Reference genes for quantitative analysis on Clonorchis sinensis gene expression by real-time PCR

The accuracies of relative gene expressions as determined by quantitative real-time polymerase chain reaction are largely dependent on the variabilities of the reference genes used. Validation of the stabilities of reference genes under experimental conditions is an essential initial step for comparative studies on the expression levels of target genes in experimental groups.

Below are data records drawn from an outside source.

(* Let $\mathbf k=(k_1,\ldots,k_r)\in\mathbb N^r$, $\mathbf m=(m_1,\ldots,m_p)\in\mathbb N^p$ with $m_p\ge2$, $\boldsymbol\eta\in\{\pm1\}^r$, $\boldsymbol\varepsilon\in\{\pm1\}^p$, and $\underline\eta=\eta_1\cdots\eta_r$. Then \[ M\big(m_p,\ldots,m_1,k_1+1,k_2,\ldots,k_r;\underline\eta\,\mathbf q(\boldsymbol\varepsilon),\mathbf p(\boldsymbol\eta)\big) =\sum_{j=1}^p(-1)^{j-1}M\big(m_p,\ldots,m_j;\mathbf q(\varepsilon_{j+1},\ldots,\varepsilon_p),1\big)\,M\Big(\big(\mathbf k;\mathbf p(\boldsymbol\eta)\big)\circledast\big(1,m_1,\ldots,m_{j-1};\mathbf p(\varepsilon_1,\ldots,\varepsilon_j)\big)^\star\Big) \] \[ +\sum_{j=1}^p(-1)^{j-1}M\big(m_p,\ldots,m_j;-\mathbf q(\varepsilon_{j+1},\ldots,\varepsilon_p),-1\big)\,M\Big(\big(\mathbf k;\mathbf p(\boldsymbol\eta)\big)\circledast\big(1,m_1,\ldots,m_{j-1};-\mathbf p(\varepsilon_1,\ldots,\varepsilon_j)\big)^\star\Big) +2(-1)^pM\Big(\big(\mathbf k;\mathbf p(\boldsymbol\eta)\big)\circledast\big(1,\mathbf m;0,\underline\eta\,\mathbf r(\boldsymbol\varepsilon)\big)^\star\Big), \] where for $j=p$ the sign vectors $(\pm\mathbf q(\emptyset),\pm1)$ are just $(\pm1)$.
   Context: For $\boldsymbol\varepsilon=(\varepsilon_1,\ldots,\varepsilon_r)\in\{\pm1\}^r$: $\mathbf p(\boldsymbol\varepsilon)=(\varepsilon_1\cdots\varepsilon_r,\varepsilon_2\cdots\varepsilon_r,\ldots,\varepsilon_r)$, $\mathbf q(\boldsymbol\varepsilon)=(\varepsilon_1\cdots\varepsilon_r,\ldots,\varepsilon_1\varepsilon_2,\varepsilon_1)$, $\mathbf r(\boldsymbol\varepsilon)=(\varepsilon_1,\varepsilon_1\varepsilon_2,\ldots,\varepsilon_1\cdots\varepsilon_r)$; $a\boldsymbol\varepsilon$ is componentwise. Multiple mixed value: $M(\mathbf k;\boldsymbol\varepsilon)=\sum_{n_1>\cdots>n_r>0}\prod_j(1+\varepsilon_j(-1)^{n_j})/n_j^{k_j}$ ($k_1\ge2$). $M_n$, $M^\star_n$ are the truncations to $n\ge n_1>\cdots$ resp. $n\ge n_1\ge\cdots\ge n_r\ge1$ (empty $=1$). Convoluted MMV: $M((\mathbf k;\boldsymbol\eta)\circledast(\mathbf l;\boldsymbol\varepsilon)^\star)=\sum_{n\ge1}\frac{M_{n-1}(k_2,\ldots,k_r;\eta_2,\ldots,\eta_r)M^\star_n(l_2,\ldots,l_s;\varepsilon_2,\ldots,\varepsilon_s)}{n^{k_1+l_1}}\cdot\frac{(1+\varepsilon_1(-1)^n)(1+\eta_1(-1)^n)}{2}$, for $\eta_1,\varepsilon_1\in\{\pm1,0\}$ not both $0$ and all other signs in $\{\pm1\}$. *)

From Stdlib Require Import Reals List.
From Coquelicot Require Import Coquelicot.
Import ListNotations.
Open Scope R_scope.

Fixpoint sumR (f : nat -> R) (n : nat) : R :=
  match n with
  | O => 0
  | S n' => sumR f n' + f n
  end.

Definition mterm (k : nat) (e : R) (m : nat) : R :=
  (1 + e * (-1) ^ m) / (INR m) ^ k.

(* M_n(k;e) = sum_{n >= n1 > ... > nr > 0} prod_j (1+e_j(-1)^{n_j})/n_j^{k_j},
   indices/signs given as a list of pairs (k_j, e_j); empty sum/product = 1 *)
Fixpoint Mtr (n : nat) (l : list (nat * R)) : R :=
  match l with
  | [] => 1
  | (k, e) :: l' => sumR (fun m => mterm k e m * Mtr (m - 1)%nat l') n
  end.

(* M*_n(k;e) = sum_{n >= n1 >= ... >= nr >= 1} ... *)
Fixpoint Mstr (n : nat) (l : list (nat * R)) : R :=
  match l with
  | [] => 1
  | (k, e) :: l' => sumR (fun m => mterm k e m * Mstr m l') n
  end.

Definition MMV (k : list nat) (e : list R) : R :=
  real (Lim_seq (fun n => Mtr n (combine k e))).

Definition MConv (k : list nat) (eta : list R) (l : list nat) (eps : list R) : R :=
  match combine k eta, combine l eps with
  | (k1, eta1) :: a', (l1, eps1) :: b' =>
      real (Lim_seq (fun N => sumR (fun n =>
        Mtr (n - 1)%nat a' * Mstr n b' / (INR n) ^ (k1 + l1)
        * ((1 + eps1 * (-1) ^ n) * (1 + eta1 * (-1) ^ n) / 2)) N))
  | _, _ => 0
  end.
(* The cocycle condition for three transports: all three are moved to a
   common lower bound T0 where they compose by [transport_trans]. *)
Lemma ext_coc_gen (U U' U'' : I) (hUV : le U U') (hVW : le U' U'') (hUW : le U U'')
  (V1 V2 V3 T12 T23 T13 T0 : J)
  a1 a2 (a3 : le U (sval V1)) a4 a5 (q3 : le U'' (sval V3)) b1 b2 b4 b5
  (q2 : le U' (sval V2)) c1 c2 c4 c5 (k0 : le U (sval T0)) (k12 : le (sval T0) (sval T12))
  (k13 : le (sval T0) (sval T13)) (k23 : le (sval T0) (sval T23)) :
  comp (@transport A U T13 V1 V3 a1 a2 a3 a4 a5)
       (eq_hom (esym (ps_comp P hUW q3 a5 (tl_a A V3))))
  = comp (comp (@transport A U T12 V1 V2 b1 b2 a3 b4 b5)
               (eq_hom (esym (ps_comp P hUV q2 b5 (tl_a A V2)))))
      (comp (fmap (res hUV) (comp (@transport A U' T23 V2 V3 c1 c2 q2 c4 c5)
                                  (eq_hom (esym (ps_comp P hVW q3 c5 (tl_a A V3))))))
            (eq_hom (ps_comp P hUV hVW hUW (res q3 (tl_a A V3))))).
Proof.
have t1 : le (sval T0) (sval V1) := le_trans k13 a2.
have t2 : le (sval T0) (sval V2) := le_trans k12 b4.
have t3 : le (sval T0) (sval V3) := le_trans k13 a4.
rewrite resM (transport_resE A hUV c1 c2 q2 c4 c5 (le_trans hUV c1) b5 a5).
rewrite -(transport_indep A k0 k13 a1 a2 a4 t1 t3 a3 a5).
rewrite -(transport_indep A k0 k12 b1 b2 b4 t1 t2 a3 b5).
rewrite -(transport_indep A k0 k23 (le_trans hUV c1) c2 c4 t2 t3 b5 a5).
rewrite -(transport_trans A k0 t1 a3 t2 b5 t3 a5).
rewrite -!homA (homA (eq_hom _) (eq_hom _)) eqM eq_hom_id hom1l.
congr comp; congr comp.
by rewrite res_eq !eqM; do 3 congr comp; exact: eq_hom_pi.
Qed.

Using three total RNA samples extracted independently from Clonorchis sinensis metacercariae and adults, we determined the gene expression stabilities of eight reference gene candidates and the relative transcript levels of three target genes using the geNorm program. The reference genes found to be stably expressed in metacercariae and adults were phosphoglycerate kinase, beta-actin, and calcyphosine; reference genes found to be stably expressed under gamma-irradiated and non-irradiated conditions were succinate dehydrogenase, small nuclear ribonucleoprotein, and beta-actin; and those stably expressed regardless of bile treatment were small nuclear ribonucleoprotein, phosphoglycerate kinase, and succinate dehydrogenase. According to our data, the expression levels of target genes are dependent on normalization factors, such as the C (T) values of single reference genes and the geometric mean of the C (T) values of three reference genes. When comparing C. sinensis gene expressions, we propose to employ the geometric mean of the C (T) values of more than three reference genes validated in the same experimental setting.